Lemma solution_decomposition k q1 q2 u v f : coprimep q1 q2 -> q1 != 0 -> q2 != 0 ->
  ode_residual (r2 * be) (- (cdev *+ k.+1)) 0 q1 q2 = 0 ->
  admissible a2 b1 b2 u v -> is_solution a1 a2 b1 b2 u v f ->
  exists (sigma : R) (g : R -> R),
    (forall x, u < x < v -> {for x, continuous g}) /\
    (forall x, u < x < v -> g x ^+ (2 * k.+1) = ratev (q1 ^+ 2) ((q2 * r2 ^+ k.+1) ^+ 2) x) /\
    (forall x, u < x < v -> f x = ratev r1 r2 x + sigma * g x).
Proof.
move=> q12 q10 q20 q_sol adm sol.
have r2x x (ux : u < x < v) := r2_neq0 adm ux.
have nz x : u < x < v -> [/\ (r2 * be).[x] != 0, q1.[x] != 0 & q2.[x] != 0].
  move=> ux; have Bx : (r2 * be).[x] != 0.
    by rewrite hornerM mulf_neq0 ?r2x ?(admissible_be adm).
  split=> //; first exact: contraNN (ode_residual_root q12 q10 q_sol) Bx.
  exact: contraNN (ode_residual_pole q12 q20 q_sol) Bx.
have [C devC] : exists C, forall x, u < x < v -> deviation f x ^+ k.+1 = C * q1.[x] / q2.[x].
  apply: (ode_power_ratio_cst adm.1 _ _ q_sol nz) => x ux.
    exact: (deviation_ode adm sol ux).1.
  by rewrite (deviation_ode adm sol ux).2 horner0 add0r.
pose Q := ratev q1 (q2 * r2 ^+ k.+1).
have Qx0 x : u < x < v -> (q2 * r2 ^+ k.+1).[x] != 0.
  by move=> ux; have [_ _ q2x] := nz x ux; rewrite hornerM horner_exp mulf_neq0 ?expf_neq0 ?r2x.
have hc x : u < x < v -> {for x, continuous (fun t => deviation f t / r2.[t])}.
  move=> ux; apply: derivable1_continuous.
  have -> : (fun t => deviation f t / r2.[t]) = deviation f * (fun t => (r2.[t])^-1).
    by apply/funext.
  apply: derivableM; first by case: (deviation_ode adm sol ux).1.
  by apply: derivableV; [exact: r2x|exact: derivable_horner].
have Q0 x : u < x < v -> Q x != 0.
  by move=> ux; have [_ q1x _] := nz x ux; rewrite mulf_neq0 ?invr_eq0 ?Qx0.
have hQ x : u < x < v -> (deviation f x / r2.[x]) ^+ k.+1 = C * Q x.
  move=> ux; have [_ q1x q2x] := nz x ux.
  rewrite expr_div_n devC // /Q /ratev hornerM horner_exp.
  by field; rewrite q2x expf_neq0 ?r2x.
have Qc x : u < x < v -> {for x, continuous Q}.
  by move=> ux; exact: ratev_continuous (Qx0 x ux).
have [sigma [g [gc gQ hg]]] := pow_eq_cst_mul_root (ltn0Sn k) hc Qc Q0 hQ.
exists sigma, g; split; [|split] => x ux; first exact: gc.
  by rewrite gQ // /Q /ratev expr_div_n !horner_exp.
by rewrite -hg // (ratev_deviation f adm ux).
Qed.

End Deviation.

End Equation.

Theorem lemma1 (R : realType) (a1 a2 b1 b2 : {poly R})
  (ha2 : a2 != 0) (hb2 : b2 != 0) (hB : b1 != 0)
  (halg : forall (u v : R) (f : R -> R), admissible a2 b1 b2 u v ->
            is_solution a1 a2 b1 b2 u v f -> algebraic_on u v f) :
  exists N : nat, (0 < N)%N /\
  exists r1 r2 q1 q2 : {poly R}, r2 != 0 /\ q2 != 0 /\
    forall (u v : R) (f : R -> R), admissible a2 b1 b2 u v ->
      is_solution a1 a2 b1 b2 u v f ->
      exists (sigma : R) (g : R -> R),
        (forall x, u < x < v -> {for x, continuous g}) /\
        (forall x, u < x < v -> g x ^+ N = ratev q1 q2 x) /\
        (forall x, u < x < v -> f x = ratev r1 r2 x + sigma * g x).
Proof.
have [[u0 [v0 [f0 [adm0 sol0]]]]|nosol] := pselect (exists u v f,
    admissible a2 b1 b2 u v /\ is_solution a1 a2 b1 b2 u v f); last first.
  exists 1%N; split => //; exists 0, 1, 1, 1; split; last split; rewrite ?oner_neq0 //.
  by move=> u v f adm sol; case: nosol; exists u, v, f.
have [r1 [r2 [r12 r20 r_sol]]] := rational_particular_solution adm0 sol0 (halg _ _ _ adm0 sol0).
have [[u [v [f [x [adm sol ux dev0]]]]]|dev0] := pselect (exists u v f x,
    [/\ admissible a2 b1 b2 u v, is_solution a1 a2 b1 b2 u v f, u < x < v &
        deviation r1 r2 f x != 0]).
  have [k [q1 [q2 [q12 q10 q20 q_sol]]]] :=
    deviation_power_rational r_sol adm sol (halg _ _ _ adm sol) ux dev0.
  exists (2 * k.+1)%N; split; first by rewrite muln_gt0.
  exists r1, r2, (q1 ^+ 2), ((q2 * r2 ^+ k.+1) ^+ 2).
  split; last split; first exact: r20.
    by rewrite expf_neq0 // mulf_neq0 // expf_neq0.
  by move=> u' v' f'; apply: solution_decomposition.
exists 1%N; split => //; exists r1, r2, 1, 1; split; last split; rewrite ?oner_neq0 //.
move=> u v f adm sol; exists 0, (fun _ => 1); split; [|split] => x ux.
- exact: cst_continuous.
- by rewrite expr1 /ratev hornerC divr1.
- have /eqP dev0x : deviation r1 r2 f x == 0.
    by apply: contra_notT dev0 => devx; exists u, v, f, x.
  by rewrite (ratev_deviation r12 r20 r_sol f adm ux) dev0x !mul0r addr0.
Qed.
....................
:: INSTRUCTIONS FOR THE TASK ::
In the entries above, the lines from the one bearing "by rewrite (deviation_ode" up to and including the one bearing "by move=> ux; have [_ _" should be transcribed exactly; no other line is wanted.

:: WRITTEN ANSWER ::
  by rewrite (deviation_ode adm sol ux).2 horner0 add0r.
pose Q := ratev q1 (q2 * r2 ^+ k.+1).
have Qx0 x : u < x < v -> (q2 * r2 ^+ k.+1).[x] != 0.
  by move=> ux; have [_ _ q2x] := nz x ux; rewrite hornerM horner_exp mulf_neq0 ?expf_neq0 ?r2x.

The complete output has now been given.